---------- Task data

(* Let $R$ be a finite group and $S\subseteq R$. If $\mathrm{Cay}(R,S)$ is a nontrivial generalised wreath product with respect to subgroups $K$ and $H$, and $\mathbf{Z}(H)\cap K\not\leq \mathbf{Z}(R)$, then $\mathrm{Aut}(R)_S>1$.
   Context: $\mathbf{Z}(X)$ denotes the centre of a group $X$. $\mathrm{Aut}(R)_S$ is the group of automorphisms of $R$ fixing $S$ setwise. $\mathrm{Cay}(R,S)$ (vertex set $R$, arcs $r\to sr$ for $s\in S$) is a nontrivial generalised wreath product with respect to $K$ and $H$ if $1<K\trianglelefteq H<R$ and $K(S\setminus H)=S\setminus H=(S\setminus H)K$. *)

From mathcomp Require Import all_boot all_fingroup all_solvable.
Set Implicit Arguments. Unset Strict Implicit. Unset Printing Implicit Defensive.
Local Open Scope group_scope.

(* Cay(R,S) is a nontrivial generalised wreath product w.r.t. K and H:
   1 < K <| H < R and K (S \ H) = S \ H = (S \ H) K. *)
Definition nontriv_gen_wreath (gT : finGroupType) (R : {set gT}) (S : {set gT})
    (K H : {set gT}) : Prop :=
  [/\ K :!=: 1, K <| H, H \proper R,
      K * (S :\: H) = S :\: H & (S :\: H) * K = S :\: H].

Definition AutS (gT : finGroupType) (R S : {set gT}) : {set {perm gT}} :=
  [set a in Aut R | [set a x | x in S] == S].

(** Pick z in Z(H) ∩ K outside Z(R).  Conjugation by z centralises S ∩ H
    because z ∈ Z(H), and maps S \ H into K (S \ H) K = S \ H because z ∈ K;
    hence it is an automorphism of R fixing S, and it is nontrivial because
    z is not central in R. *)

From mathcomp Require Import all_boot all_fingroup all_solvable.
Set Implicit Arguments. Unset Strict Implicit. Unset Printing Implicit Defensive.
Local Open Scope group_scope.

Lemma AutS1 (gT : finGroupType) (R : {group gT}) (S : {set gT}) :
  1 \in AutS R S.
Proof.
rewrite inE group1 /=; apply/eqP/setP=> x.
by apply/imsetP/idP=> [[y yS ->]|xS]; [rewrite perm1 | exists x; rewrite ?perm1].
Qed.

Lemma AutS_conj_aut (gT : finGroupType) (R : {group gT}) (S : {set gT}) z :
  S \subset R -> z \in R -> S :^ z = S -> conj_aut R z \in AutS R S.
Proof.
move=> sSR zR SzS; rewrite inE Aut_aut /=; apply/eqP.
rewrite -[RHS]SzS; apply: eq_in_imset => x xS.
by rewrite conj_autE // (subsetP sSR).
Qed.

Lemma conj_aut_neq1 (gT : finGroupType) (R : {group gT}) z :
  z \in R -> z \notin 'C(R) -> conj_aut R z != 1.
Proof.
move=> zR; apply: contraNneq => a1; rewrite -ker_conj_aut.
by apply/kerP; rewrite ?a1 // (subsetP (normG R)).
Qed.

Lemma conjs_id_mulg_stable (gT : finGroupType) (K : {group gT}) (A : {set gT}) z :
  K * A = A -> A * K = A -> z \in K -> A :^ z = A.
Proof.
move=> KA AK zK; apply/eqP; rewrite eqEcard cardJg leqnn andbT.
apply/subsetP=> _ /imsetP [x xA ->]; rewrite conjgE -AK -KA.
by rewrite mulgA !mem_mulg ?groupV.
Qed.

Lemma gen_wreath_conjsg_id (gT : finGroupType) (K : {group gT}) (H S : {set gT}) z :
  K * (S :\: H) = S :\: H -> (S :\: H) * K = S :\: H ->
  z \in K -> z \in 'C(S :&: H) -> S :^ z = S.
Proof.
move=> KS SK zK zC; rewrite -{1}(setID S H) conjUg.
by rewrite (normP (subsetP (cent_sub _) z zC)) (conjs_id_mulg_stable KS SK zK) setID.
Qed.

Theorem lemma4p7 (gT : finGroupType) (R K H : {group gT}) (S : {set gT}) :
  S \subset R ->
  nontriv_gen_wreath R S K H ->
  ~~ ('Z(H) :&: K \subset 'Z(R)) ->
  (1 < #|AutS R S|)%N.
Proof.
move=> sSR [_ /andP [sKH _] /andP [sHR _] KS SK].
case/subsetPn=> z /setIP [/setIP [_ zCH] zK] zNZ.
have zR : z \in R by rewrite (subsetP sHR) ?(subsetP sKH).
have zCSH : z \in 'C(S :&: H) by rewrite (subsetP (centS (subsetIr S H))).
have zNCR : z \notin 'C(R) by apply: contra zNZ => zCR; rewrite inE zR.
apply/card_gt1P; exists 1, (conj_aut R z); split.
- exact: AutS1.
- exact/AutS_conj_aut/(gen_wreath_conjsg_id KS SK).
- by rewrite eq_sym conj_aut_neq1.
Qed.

--------------------
---------- Task data

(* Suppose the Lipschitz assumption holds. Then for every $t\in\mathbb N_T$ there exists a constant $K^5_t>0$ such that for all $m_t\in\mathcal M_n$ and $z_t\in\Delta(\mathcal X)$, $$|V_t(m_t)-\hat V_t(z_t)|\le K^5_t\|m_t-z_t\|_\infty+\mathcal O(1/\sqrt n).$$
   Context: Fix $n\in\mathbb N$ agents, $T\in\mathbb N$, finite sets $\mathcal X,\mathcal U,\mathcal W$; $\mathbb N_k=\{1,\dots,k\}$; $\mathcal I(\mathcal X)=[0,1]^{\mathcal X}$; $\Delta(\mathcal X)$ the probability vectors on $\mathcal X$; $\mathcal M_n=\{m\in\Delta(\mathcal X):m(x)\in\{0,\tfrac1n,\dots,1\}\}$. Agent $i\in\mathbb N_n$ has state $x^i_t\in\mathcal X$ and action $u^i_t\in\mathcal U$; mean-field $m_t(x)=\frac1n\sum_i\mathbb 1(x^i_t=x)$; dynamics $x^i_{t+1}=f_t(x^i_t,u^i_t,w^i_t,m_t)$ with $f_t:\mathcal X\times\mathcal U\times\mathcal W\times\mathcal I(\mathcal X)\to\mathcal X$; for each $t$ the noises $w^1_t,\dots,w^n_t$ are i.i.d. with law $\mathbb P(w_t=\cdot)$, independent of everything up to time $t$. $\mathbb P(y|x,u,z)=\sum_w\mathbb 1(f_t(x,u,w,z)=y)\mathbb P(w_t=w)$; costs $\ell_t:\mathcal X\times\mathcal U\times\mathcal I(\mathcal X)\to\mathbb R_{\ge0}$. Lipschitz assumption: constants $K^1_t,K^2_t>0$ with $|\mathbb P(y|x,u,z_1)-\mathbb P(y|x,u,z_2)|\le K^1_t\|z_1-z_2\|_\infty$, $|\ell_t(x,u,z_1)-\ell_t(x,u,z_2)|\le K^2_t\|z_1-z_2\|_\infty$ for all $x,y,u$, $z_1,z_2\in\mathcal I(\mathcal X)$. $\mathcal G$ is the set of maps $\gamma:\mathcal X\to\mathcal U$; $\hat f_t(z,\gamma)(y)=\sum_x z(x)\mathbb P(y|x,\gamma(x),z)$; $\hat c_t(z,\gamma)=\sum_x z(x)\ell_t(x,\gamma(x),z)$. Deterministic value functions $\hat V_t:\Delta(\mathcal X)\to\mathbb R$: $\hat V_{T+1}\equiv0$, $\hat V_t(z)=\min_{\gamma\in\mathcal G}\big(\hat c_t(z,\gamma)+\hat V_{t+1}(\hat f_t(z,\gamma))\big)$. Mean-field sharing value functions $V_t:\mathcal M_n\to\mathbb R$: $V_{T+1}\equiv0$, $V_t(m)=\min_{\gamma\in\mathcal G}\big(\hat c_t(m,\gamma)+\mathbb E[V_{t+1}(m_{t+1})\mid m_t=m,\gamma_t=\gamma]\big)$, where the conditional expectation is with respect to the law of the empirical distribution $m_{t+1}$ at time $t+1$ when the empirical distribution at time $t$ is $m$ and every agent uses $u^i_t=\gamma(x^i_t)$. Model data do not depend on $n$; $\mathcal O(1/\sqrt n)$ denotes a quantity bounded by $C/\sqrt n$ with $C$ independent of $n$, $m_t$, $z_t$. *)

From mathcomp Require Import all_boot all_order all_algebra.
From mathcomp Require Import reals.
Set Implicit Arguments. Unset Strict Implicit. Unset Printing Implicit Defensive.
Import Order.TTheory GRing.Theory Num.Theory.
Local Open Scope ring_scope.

--------------------

» **Required action**
Go through the records above. Copy each line in which the string "mathrm" appears.

» **Written solution**
(* Let $R$ be a finite group and $S\subseteq R$. If $\mathrm{Cay}(R,S)$ is a nontrivial generalised wreath product with respect to subgroups $K$ and $H$, and $\mathbf{Z}(H)\cap K\not\leq \mathbf{Z}(R)$, then $\mathrm{Aut}(R)_S>1$.
   Context: $\mathbf{Z}(X)$ denotes the centre of a group $X$. $\mathrm{Aut}(R)_S$ is the group of automorphisms of $R$ fixing $S$ setwise. $\mathrm{Cay}(R,S)$ (vertex set $R$, arcs $r\to sr$ for $s\in S$) is a nontrivial generalised wreath product with respect to $K$ and $H$ if $1<K\trianglelefteq H<R$ and $K(S\setminus H)=S\setminus H=(S\setminus H)K$. *)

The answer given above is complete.